_Materials provided_
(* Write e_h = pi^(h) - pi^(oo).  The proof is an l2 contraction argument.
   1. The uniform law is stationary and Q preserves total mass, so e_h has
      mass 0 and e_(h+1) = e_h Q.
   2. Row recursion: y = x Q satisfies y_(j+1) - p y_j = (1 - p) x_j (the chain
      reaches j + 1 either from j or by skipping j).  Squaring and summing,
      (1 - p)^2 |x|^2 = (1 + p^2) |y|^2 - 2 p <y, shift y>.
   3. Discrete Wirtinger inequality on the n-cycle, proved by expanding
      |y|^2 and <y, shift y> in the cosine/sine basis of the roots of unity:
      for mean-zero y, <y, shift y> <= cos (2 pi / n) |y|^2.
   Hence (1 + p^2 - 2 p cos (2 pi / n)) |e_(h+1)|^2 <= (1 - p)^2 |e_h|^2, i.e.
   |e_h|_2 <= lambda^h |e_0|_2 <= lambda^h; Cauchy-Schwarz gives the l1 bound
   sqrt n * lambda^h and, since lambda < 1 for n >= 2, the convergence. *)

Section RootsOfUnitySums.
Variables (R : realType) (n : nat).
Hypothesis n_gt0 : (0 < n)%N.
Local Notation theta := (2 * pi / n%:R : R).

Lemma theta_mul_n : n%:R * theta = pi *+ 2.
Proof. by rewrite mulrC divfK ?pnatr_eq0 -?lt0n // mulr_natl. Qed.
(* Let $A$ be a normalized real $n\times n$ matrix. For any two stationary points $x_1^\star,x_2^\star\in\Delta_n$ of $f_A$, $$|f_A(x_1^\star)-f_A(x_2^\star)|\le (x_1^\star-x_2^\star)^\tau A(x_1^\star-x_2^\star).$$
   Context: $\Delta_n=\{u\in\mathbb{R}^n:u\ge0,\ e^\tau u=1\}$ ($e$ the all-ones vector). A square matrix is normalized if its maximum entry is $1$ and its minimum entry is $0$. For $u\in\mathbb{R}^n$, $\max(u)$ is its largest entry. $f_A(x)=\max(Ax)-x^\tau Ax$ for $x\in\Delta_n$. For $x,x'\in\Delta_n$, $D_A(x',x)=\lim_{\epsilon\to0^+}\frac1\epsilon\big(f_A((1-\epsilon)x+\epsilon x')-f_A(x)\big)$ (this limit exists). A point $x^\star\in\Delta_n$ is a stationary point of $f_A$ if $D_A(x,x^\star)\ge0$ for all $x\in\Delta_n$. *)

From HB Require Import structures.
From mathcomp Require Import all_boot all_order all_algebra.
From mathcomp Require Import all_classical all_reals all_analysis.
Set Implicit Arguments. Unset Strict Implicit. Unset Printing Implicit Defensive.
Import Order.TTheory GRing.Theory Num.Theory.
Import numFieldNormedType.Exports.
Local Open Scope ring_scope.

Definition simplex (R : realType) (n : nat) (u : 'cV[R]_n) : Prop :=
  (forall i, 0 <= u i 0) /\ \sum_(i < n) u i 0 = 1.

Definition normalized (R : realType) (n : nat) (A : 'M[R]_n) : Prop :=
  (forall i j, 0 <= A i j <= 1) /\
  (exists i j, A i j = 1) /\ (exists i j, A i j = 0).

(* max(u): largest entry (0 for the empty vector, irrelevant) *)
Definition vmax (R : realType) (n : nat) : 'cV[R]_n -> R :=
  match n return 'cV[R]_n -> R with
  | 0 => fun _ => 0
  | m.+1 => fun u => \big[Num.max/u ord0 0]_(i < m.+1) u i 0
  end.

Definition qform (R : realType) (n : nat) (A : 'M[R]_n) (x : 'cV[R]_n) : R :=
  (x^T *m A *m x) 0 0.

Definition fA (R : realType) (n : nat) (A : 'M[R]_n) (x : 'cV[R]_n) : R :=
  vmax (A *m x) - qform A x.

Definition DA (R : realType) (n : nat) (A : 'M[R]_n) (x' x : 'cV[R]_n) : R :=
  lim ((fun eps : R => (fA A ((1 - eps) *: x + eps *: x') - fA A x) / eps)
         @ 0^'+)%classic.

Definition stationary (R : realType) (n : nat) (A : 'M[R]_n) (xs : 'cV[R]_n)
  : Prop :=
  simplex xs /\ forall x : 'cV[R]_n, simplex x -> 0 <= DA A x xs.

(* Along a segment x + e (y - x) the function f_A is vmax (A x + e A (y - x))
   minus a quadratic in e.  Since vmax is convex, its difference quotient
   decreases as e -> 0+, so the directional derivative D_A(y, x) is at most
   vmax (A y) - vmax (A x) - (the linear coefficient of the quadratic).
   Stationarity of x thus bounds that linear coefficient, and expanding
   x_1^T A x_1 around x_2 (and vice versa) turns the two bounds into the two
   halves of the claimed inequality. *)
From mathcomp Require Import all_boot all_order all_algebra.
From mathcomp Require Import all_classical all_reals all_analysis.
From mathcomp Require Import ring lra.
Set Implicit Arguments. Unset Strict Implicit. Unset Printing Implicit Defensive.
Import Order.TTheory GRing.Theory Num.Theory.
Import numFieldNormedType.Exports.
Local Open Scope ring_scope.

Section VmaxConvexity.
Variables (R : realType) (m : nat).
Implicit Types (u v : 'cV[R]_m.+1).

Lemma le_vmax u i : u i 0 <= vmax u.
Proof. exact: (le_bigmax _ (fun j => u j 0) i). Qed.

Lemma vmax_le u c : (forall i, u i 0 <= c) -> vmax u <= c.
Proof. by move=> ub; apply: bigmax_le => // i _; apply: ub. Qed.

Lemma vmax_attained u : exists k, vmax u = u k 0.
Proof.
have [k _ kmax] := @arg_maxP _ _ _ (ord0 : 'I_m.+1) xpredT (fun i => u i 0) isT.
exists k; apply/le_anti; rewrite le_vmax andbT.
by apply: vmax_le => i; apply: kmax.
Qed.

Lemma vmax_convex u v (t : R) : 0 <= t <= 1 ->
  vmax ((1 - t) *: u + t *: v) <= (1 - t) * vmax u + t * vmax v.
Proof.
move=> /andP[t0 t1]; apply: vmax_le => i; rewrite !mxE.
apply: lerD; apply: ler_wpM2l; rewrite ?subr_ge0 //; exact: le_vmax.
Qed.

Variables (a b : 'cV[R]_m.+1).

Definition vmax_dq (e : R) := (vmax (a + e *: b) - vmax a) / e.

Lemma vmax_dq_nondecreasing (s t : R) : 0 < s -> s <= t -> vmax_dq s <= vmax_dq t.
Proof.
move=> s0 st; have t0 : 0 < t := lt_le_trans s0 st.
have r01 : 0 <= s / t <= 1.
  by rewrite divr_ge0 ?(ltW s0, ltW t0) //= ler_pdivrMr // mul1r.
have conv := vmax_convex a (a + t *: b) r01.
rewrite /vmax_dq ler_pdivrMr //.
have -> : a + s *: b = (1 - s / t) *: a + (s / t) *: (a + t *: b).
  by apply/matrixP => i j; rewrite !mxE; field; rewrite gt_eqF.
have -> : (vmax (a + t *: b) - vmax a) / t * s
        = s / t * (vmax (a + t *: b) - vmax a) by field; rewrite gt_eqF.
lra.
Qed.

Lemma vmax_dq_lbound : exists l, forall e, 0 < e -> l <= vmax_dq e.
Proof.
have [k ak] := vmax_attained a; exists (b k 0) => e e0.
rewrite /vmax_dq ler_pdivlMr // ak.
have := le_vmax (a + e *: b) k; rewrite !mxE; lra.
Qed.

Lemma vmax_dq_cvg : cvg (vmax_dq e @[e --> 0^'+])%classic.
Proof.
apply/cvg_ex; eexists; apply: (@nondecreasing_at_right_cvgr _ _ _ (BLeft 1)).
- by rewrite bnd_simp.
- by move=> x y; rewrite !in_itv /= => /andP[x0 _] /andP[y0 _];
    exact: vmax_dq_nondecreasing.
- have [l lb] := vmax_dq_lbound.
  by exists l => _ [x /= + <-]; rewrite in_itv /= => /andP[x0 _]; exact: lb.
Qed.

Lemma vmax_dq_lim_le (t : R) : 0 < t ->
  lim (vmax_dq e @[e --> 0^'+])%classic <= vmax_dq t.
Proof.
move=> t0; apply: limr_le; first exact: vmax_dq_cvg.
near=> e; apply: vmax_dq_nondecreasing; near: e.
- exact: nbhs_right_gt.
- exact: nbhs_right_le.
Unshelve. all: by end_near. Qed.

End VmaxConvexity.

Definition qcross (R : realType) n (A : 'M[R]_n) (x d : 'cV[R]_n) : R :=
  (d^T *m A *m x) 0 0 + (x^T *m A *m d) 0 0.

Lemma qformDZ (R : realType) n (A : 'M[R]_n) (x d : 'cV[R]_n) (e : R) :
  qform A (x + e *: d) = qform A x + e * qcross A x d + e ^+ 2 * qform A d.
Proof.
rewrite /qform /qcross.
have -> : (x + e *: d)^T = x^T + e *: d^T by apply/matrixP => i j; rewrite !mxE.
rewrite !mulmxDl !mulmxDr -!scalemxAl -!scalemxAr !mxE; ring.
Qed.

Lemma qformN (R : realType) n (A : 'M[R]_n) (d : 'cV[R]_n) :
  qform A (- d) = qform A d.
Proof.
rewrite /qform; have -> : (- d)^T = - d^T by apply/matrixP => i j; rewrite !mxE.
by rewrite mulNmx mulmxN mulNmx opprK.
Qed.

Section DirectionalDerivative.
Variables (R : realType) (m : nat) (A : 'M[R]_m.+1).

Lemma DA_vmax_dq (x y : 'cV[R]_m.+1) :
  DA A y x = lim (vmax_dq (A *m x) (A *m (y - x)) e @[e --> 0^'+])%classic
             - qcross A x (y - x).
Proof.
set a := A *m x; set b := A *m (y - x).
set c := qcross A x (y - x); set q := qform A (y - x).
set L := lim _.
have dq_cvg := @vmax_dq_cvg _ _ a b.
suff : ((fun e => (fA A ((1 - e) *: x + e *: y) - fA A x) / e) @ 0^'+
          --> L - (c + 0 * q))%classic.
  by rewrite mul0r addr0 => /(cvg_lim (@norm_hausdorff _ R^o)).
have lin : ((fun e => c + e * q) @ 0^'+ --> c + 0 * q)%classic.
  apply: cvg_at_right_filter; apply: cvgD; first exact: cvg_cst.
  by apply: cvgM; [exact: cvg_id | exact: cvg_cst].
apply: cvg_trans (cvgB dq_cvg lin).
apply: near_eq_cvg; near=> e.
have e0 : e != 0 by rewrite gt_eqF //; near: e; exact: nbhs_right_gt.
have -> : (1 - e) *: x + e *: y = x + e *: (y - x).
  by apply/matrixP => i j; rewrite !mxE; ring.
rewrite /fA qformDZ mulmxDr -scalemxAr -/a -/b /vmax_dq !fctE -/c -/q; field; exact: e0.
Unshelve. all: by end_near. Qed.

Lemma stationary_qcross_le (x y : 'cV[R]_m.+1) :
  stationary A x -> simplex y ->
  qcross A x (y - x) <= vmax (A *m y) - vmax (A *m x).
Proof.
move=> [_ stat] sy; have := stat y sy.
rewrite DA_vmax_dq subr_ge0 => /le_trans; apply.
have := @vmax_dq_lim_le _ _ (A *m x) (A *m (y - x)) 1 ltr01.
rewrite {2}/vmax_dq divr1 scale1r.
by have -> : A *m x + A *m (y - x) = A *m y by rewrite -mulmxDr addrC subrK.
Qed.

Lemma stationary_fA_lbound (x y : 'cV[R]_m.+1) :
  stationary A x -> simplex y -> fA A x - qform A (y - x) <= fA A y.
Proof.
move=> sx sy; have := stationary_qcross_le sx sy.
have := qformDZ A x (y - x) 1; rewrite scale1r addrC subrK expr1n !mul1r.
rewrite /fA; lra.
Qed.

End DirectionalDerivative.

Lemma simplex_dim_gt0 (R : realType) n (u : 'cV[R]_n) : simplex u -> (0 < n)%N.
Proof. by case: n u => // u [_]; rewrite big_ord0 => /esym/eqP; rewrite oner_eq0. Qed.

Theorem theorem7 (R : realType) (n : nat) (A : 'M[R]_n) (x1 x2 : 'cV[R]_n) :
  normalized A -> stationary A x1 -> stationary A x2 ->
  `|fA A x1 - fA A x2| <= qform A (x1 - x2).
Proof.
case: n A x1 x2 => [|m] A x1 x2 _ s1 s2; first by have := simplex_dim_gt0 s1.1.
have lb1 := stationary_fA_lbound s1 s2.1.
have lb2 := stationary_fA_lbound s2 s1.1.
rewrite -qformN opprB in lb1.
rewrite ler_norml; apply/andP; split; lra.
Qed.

_Your objective_
Your task is to reproduce exactly the lines that begin at the line containing "rewrite -qformN opprB in lb1." and end at the final line of the data above.

_Exercise solution_
rewrite -qformN opprB in lb1.
rewrite ler_norml; apply/andP; split; lra.
Qed.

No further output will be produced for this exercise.